Now, there is a social aspect to language. That phrase in my mind at that time was socially induced. I was taught at an early age to flap my mouth and tongue as Searle would say and produce that utterance. Latter I was taught the alphabet and then was taught how to spell, read, and write. All of that was social. But all of that social stuff I now realized was based in original experiences of the meaning of the words. You see the green was not just the green of that grass. Rather it was the attachment of a kind of referring. This was an example of what people refer to when they say green and in me I was seeing the phenomenal basis of a certain ideation - natural in this case - the ideation of green and its meaning coming from an instance which was not completely it. The green in that grass was not all green. Green was in other placess that also greened.
I saw but understood meaning and it was attaching to phrases thought in my mind in socially induced English but you cannot reduce that experiencing to what was socially induced. I think the biological basis is there. You can't get the semantics of a language from its syntax. And, in some sense, syntax is what a language is. Verde is green in spanish but the green is the at least enough the same to say that verde is the correct translation of green and not of red.
Now that was grass. If you look at a face in anger or pain or joy or any of those exquisite states which our brains read, there too the process occurs. I believe - am almost certain but I am not a scientist - that this is instinctive cognition.
So, I do not see language as being limited to social behavior. The social aspects are there but there is, in a single organism alone, experiencing of meaning and that is necessary for the language to form and inherited instinctual cognition. A lot of this, I believe is inherited. Have you read "Gramatology" by Derida? I hear him in the back of my mind nodding and pointing out how that whole thing that happened occurred by me reading and trying to understand Husserl. He would say that was key and yes, that is social on a grand scale of writing.

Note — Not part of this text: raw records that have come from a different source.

Lemma top_ltn n : 2 ^ n - 1 < 2 ^ n.
Proof. by rewrite ltn_subLR ?expn_gt0. Qed.

Lemma exists_testbit_false n x : x < 2 ^ n -> x != 2 ^ n - 1 ->
  exists2 j, j < n & tb x j = false.
Proof.
move=> x_lt x_ne; case: (boolP [exists j : 'I_n, ~~ tb x j]).
  by case/existsP=> j; exists j => //; apply/negbTE.
move/existsPn=> all1; case/eqP: x_ne; apply: (testbit_inj_pow2 x_lt (top_ltn n)).
by move=> i hi; rewrite testbit_top hi; apply/negPn/(all1 (Ordinal hi)).
Qed.

Lemma testbit_rho i k j : tb (rho i k) j = tb k j && (i != j).
Proof.
rewrite /rho bitE; case ki: (tb k i); last first.
  by case: (eqVneq i j) => [<-|]; rewrite ?ki ?andbT.
suff -> : k - 2 ^ i = Nat.clearbit k i by rewrite testbit_clearbit.
rewrite Nat.clearbit_spec' -Nat.sub_nocarry_ldiff -powE //.
apply: Nat.bits_inj_0 => m; rewrite Nat.ldiff_spec testbit_pow2.
by case: (eqVneq i m) => [<-|]; rewrite ?ki.
Qed.

Lemma lxor_ltn_pow2 n x y : x < 2 ^ n -> y < 2 ^ n -> Nat.lxor x y < 2 ^ n.
Proof.
move=> x_lt y_lt; apply: testbit_ltn_pow2 => i hi.
by rewrite Nat.lxor_spec !(testbit_pow2_high _ hi).
Qed.

Lemma clearbit_ltn_pow2 n x i : x < 2 ^ n -> Nat.clearbit x i < 2 ^ n.
Proof.
move=> x_lt; apply: testbit_ltn_pow2 => k hk.
by rewrite testbit_clearbit (testbit_pow2_high x_lt).
Qed.

Lemma land_ltn_pow2 n x y : x < 2 ^ n -> Nat.land x y < 2 ^ n.
Proof.
move=> x_lt; apply: testbit_ltn_pow2 => i hi.
by rewrite Nat.land_spec (testbit_pow2_high x_lt).
Qed.

Lemma lxorKl x y : Nat.lxor x (Nat.lxor x y) = y.
Proof. by rewrite -Nat.lxor_assoc Nat.lxor_nilpotent Nat.lxor_0_l. Qed.

Lemma lxorKr x y : Nat.lxor (Nat.lxor x y) y = x.
Proof. by rewrite Nat.lxor_assoc Nat.lxor_nilpotent Nat.lxor_0_r. Qed.

Fixpoint of_bits (s : nat -> bool) (m : nat) : nat :=
  if m is m'.+1 then Nat.lor (of_bits s m') (if s m' then 2 ^ m' else 0) else 0.

Lemma testbit_of_bits s m i : tb (of_bits s m) i = (i < m) && s i.
Proof.
elim: m => [|m IH] /=; first by rewrite Nat.bits_0.
have high : tb (if s m then 2 ^ m else 0) i = (i == m) && s m.
  by case: (s m); rewrite ?testbit_pow2 ?Nat.bits_0 ?andbF // andbT eq_sym.
rewrite Nat.lor_spec IH high ltnS [i <= m]leq_eqVlt andb_orl.
by case: (eqVneq i m) => [->|]; rewrite ?ltnn ?orbF //= orbC.
Qed.

Lemma of_bits_ltn s m : of_bits s m < 2 ^ m.
Proof. by apply: testbit_ltn_pow2 => i hi; rewrite testbit_of_bits ltnNge hi. Qed.

(* [insbit j l] inserts a binary digit 0 at position [j] of [l];
   [delbit j x] deletes the digit at position [j] of [x]. *)
Definition insbit (j l : nat) : nat :=
  Nat.lor (Nat.land l (Nat.ones j)) (Nat.shiftl (Nat.shiftr l j) j.+1).
Definition delbit (j x : nat) : nat :=
  Nat.lor (Nat.land x (Nat.ones j)) (Nat.shiftl (Nat.shiftr x j.+1) j).

Lemma testbit_insbit j l i :
  tb (insbit j l) i = if i < j then tb l i else if i == j then false else tb l i.-1.
Proof.
rewrite /insbit Nat.lor_spec Nat.land_spec testbit_ones testbit_shiftl Nat.shiftr_spec'.
case: (ltngtP i j) => h.
- by rewrite andbT ltnS (ltnW h) orbF.
- by rewrite andbF ltnS leqNgt h; congr (tb l _); lia.
- by rewrite h ltnSn andbF.
Qed.

Lemma testbit_delbit j x i : tb (delbit j x) i = tb x (bump j i).
Proof.
rewrite /delbit Nat.lor_spec Nat.land_spec testbit_ones testbit_shiftl Nat.shiftr_spec'.
rewrite /bump; case: (ltnP i j) => h; first by rewrite andbT orbF add0n.
by rewrite andbF; congr (tb x _); lia.
Qed.
Lemma edhA_lowrank (l : R) : 0 <= l ->
  edhA P H Rm l = E *m diagf (fun i => - (1/2) / (1 + l * alpha 0 i)) *m Ft.
Proof.
move=> l_ge0; rewrite /edhA invmx_innovation_cov // -[X in _ = _ *m X *m _]scale_diagf.
by rewrite -scalemxAr -!scalemxAl !mulmxA.
Qed.

Lemma add1_edhA_mulmx_E (l c : R) : 0 <= l ->
  (1%:M + c *: edhA P H Rm l) *m E =
  E *m diagf (fun i => 1 + c * (- (1/2) / (1 + l * alpha 0 i) * alpha 0 i)).
Proof.
move=> l_ge0; rewrite -add1_diagf -scale_diagf -diagfM -diag_mx_diagf -Ft_mulmx_E.
rewrite edhA_lowrank // mulmxDl mul1mx mulmxDr mulmx1 -scalemxAl -scalemxAr.
by rewrite !mulmxA.
Qed.

Lemma edhb_lowrank (xbar : 'cV[R]_nx) (z : 'cV[R]_nz) (l : R) : 0 <= l ->
  edhb P H Rm xbar z l = E *m edh_beta alpha (V^T *m invmx Rh *m z) (Ft *m xbar) l.
Proof.
move=> l_ge0.
have gain_z : P *m H^T *m invmx Rm *m z = E *m (V^T *m invmx Rh *m z).
  have -> : invmx Rm = invmx Rh *m invmx Rh.
    by apply: invmx_eq; rewrite -Rh_sqr !mulmxA mulmxK // mulmxV.
  by rewrite !mulmxA -(mulmxA _ V V^T) V_orthC mulmx1.
rewrite /edhb -/(edhA P H Rm l) -!(mulmxA (_ + _)) gain_z.
have -> : edhA P H Rm l *m xbar =
    E *m (diagf (fun i => - (1/2) / (1 + l * alpha 0 i)) *m (Ft *m xbar)).
  by rewrite edhA_lowrank // !mulmxA.
rewrite mulmxA add1_edhA_mulmx_E // -mulmxA -mulmxDr mulmxA add1_edhA_mulmx_E // -mulmxA.
congr (_ *m _); apply/colP => i.
have := add1_mul_gt0 l_ge0 (alpha_gt0 i); rewrite lt0r => /andP[gain_neq0 _].
rewrite /edh_beta [RHS]mxE diagf_mulmx_coord [(_ + _ : 'cV[R]_nz) i 0]mxE.
rewrite !diagf_mulmx_coord.
by field.
Qed.

Lemma edh_rhs_lowrank (xbar y : 'cV[R]_nx) (z : 'cV[R]_nz) (l : R) : 0 <= l ->
  edhA P H Rm l *m y + edhb P H Rm xbar z l =
  E *m (diagf (fun i => - (1/2) / (1 + l * alpha 0 i)) *m (Ft *m y)
        + edh_beta alpha (V^T *m invmx Rh *m z) (Ft *m xbar) l).
Proof. by move=> l_ge0; rewrite edhA_lowrank // edhb_lowrank // mulmxDr !mulmxA. Qed.

Lemma Ft_mulmx_edh_rhs (xbar y : 'cV[R]_nx) (z : 'cV[R]_nz) (l : R) i : 0 <= l ->
  (Ft *m (edhA P H Rm l *m y + edhb P H Rm xbar z l)) i 0 =
  alpha 0 i * (- (1/2) / (1 + l * alpha 0 i) * (Ft *m y) i 0
    + ((V^T *m invmx Rh *m z) i 0 * (1 + l * alpha 0 i / 2) - (Ft *m xbar) i 0 / 2)
      / (1 + l * alpha 0 i) ^+ 2).
Proof.
move=> l_ge0; rewrite edh_rhs_lowrank // mulmxA Ft_mulmx_E diag_mx_diagf.
rewrite diagf_mulmx_coord [(_ + _ : 'cV[R]_nz) i 0]mxE diagf_mulmx_coord.
by rewrite [edh_beta _ _ _ _ i 0]mxE.
Qed.

End EDHLowRank.

Section LinearFlow.
Variable R : realType.

Lemma is_derive0_itv_eq (f : R -> R) (a b : R) : a <= b ->
  {within `[a, b], continuous f} ->
  (forall l, a < l < b -> is_derive l 1 f 0) -> f b = f a.
Proof.
move=> ab f_cont f'0.
have f'0_itv l : l \in `]a, b[%R -> is_derive l 1 f 0 by rewrite in_itv => /f'0.
have [c _] := MVT_segment ab f'0_itv f_cont.
by move/eqP; rewrite mul0r subr_eq0 => /eqP.
Qed.

Let mulmx_coord_sumE m n (G : 'M[R]_(m, n)) (x : R -> 'cV[R]_n) i :
  (fun t => (G *m x t) i 0) = \sum_(k < n) (fun t => G i k * x t k 0).
Proof. by apply/funext => t; rewrite fct_sumE mxE. Qed.

Lemma is_derive_mulmx_coord m n (G : 'M[R]_(m, n)) (x : R -> 'cV[R]_n)
    (dx : 'cV[R]_n) (l : R) i :
  (forall k, is_derive l 1 (fun t => x t k 0) (dx k 0)) ->
  is_derive l 1 (fun t => (G *m x t) i 0) ((G *m dx) i 0).
Proof.
by move=> x'; rewrite mulmx_coord_sumE mxE; apply: is_derive_sum.
Qed.

Lemma continuous_mulmx_coord m n (A : set R) (G : 'M[R]_(m, n)) (x : R -> 'cV[R]_n) i :
  (forall k, {within A, continuous (fun t => x t k 0)}) ->
  {within A, continuous (fun t => (G *m x t) i 0)}.
Proof.
rewrite mulmx_coord_sumE => x_cont t.
elim/big_ind: _ => [|f g f_cont g_cont|k _]; first exact: cvg_cst.
  exact: continuousD.
by apply: continuousM; [exact: cvg_cst | exact: x_cont].
Qed.

Lemma flow_increment_in_range nx nz (E : 'M[R]_(nx, nz)) (Ft : 'M[R]_(nz, nx))
    (alpha : 'rV[R]_nz) (x : R -> 'cV[R]_nx) (g : R -> 'cV[R]_nz) (a b : R) :
  a <= b -> Ft *m E = diag_mx alpha -> (forall i, alpha 0 i != 0) ->
  (forall k, {within `[a, b], continuous (fun t => x t k 0)}) ->
  (forall l, a < l < b -> forall k,
     is_derive l 1 (fun t => x t k 0) ((E *m g l) k 0)) ->
  x b = x a + E *m diagf (fun i => (alpha 0 i)^-1) *m (Ft *m x b - Ft *m x a).
Proof.
move=> ab FtE alpha_neq0 x_cont x'.
(* [M] projects onto the range of [E] along the kernel of [Ft]. *)
set M := E *m diagf (fun i => (alpha 0 i)^-1) *m Ft.
have ME : M *m E = E.
  rewrite -mulmxA FtE diag_mx_diagf -mulmxA diagfM diagf1 ?mulmx1 // => i.
  by rewrite mulVf.
have x_proj : (1%:M - M) *m x b = (1%:M - M) *m x a.
  apply/colP => k.
  apply: (is_derive0_itv_eq (f := fun t => ((1%:M - M) *m x t) k 0) ab).
    exact: continuous_mulmx_coord.
  move=> l l_ab; have := is_derive_mulmx_coord (1%:M - M) k (x' l l_ab).
  by rewrite mulmxA mulmxBl mul1mx ME subrr mul0mx mxE.
move: x_proj; rewrite !mulmxBl !mul1mx => /eqP; rewrite subr_eq => /eqP {1}->.
by rewrite mulmxBr !mulmxA addrAC [RHS]addrA.
Qed.

End LinearFlow.

Section ScalarEDHFlow.
Variables (R : realType) (a zt xt : R) (w : R -> R).
Hypothesis a_gt0 : 0 < a.

(* [sqrt (1 + t a)] is an integrating factor of the homogeneous part
   [w' = - a w / (2 (1 + t a))], hence this quantity is conserved. *)
Definition edh_first_integral (t : R) : R :=
  Num.sqrt (1 + t * a) * w t - (xt + t * (a * zt)) / Num.sqrt (1 + t * a).

Let is_derive_affine (l c d : R) : is_derive l 1 (fun t => c + t * d) d.
Proof. by apply: is_derive_eq; rewrite add0r mul1r scaler0 add0r [d%:A]mulr1. Qed.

So I think my behavior, my cognition, cannot be understood without deconstructing the social aspects. But when I do that I find aspects that are not social. My own optical pathways and color vision were involved.
If you think of it someone had, originally, to utter something with respect to green. Our language comes originally from individual experiencing. We can talk to ourselves.
If you look at a line drawing of a cube you will see changes that are not socially induced I think.
I don't think you have to know what it is to be a Spaniard to know or speak Spanish. You can learn the language yourself. We seem to store and retrieve information that way. Once I was working in Japan, staying at a hotel where you had to leave your key and ask for it by stating your room number. Mine was "San ju go" in Japanese or 35. I said "San ju go" over and over and over everytime I retrieved the key. After over a month an english speaking colleague asked me my room number. My first thought was "San ju go" which I said then realized he wanted English. It was amazing how long it took to come up with "thirty five" I did not immediately know it.
So it is a complex phenomenon. Neurology is required to fully understand it but will not give us the whole picture. Socially induced aspects but more than that. And "being a Spaniard" involves language I think. But there are more simple things happening in individuals.
You used "shared experiences". In some sense we "share experience" but in another sense we do not. We each have our own experiencing.
We are of Copernicus. In the future there will be a revolution in thought. The degree to which things like the collective unconscious of Jung will play well become clearer. Certainly there are very deep questions that deal with how fads pass like ripples on a lake through human cultures.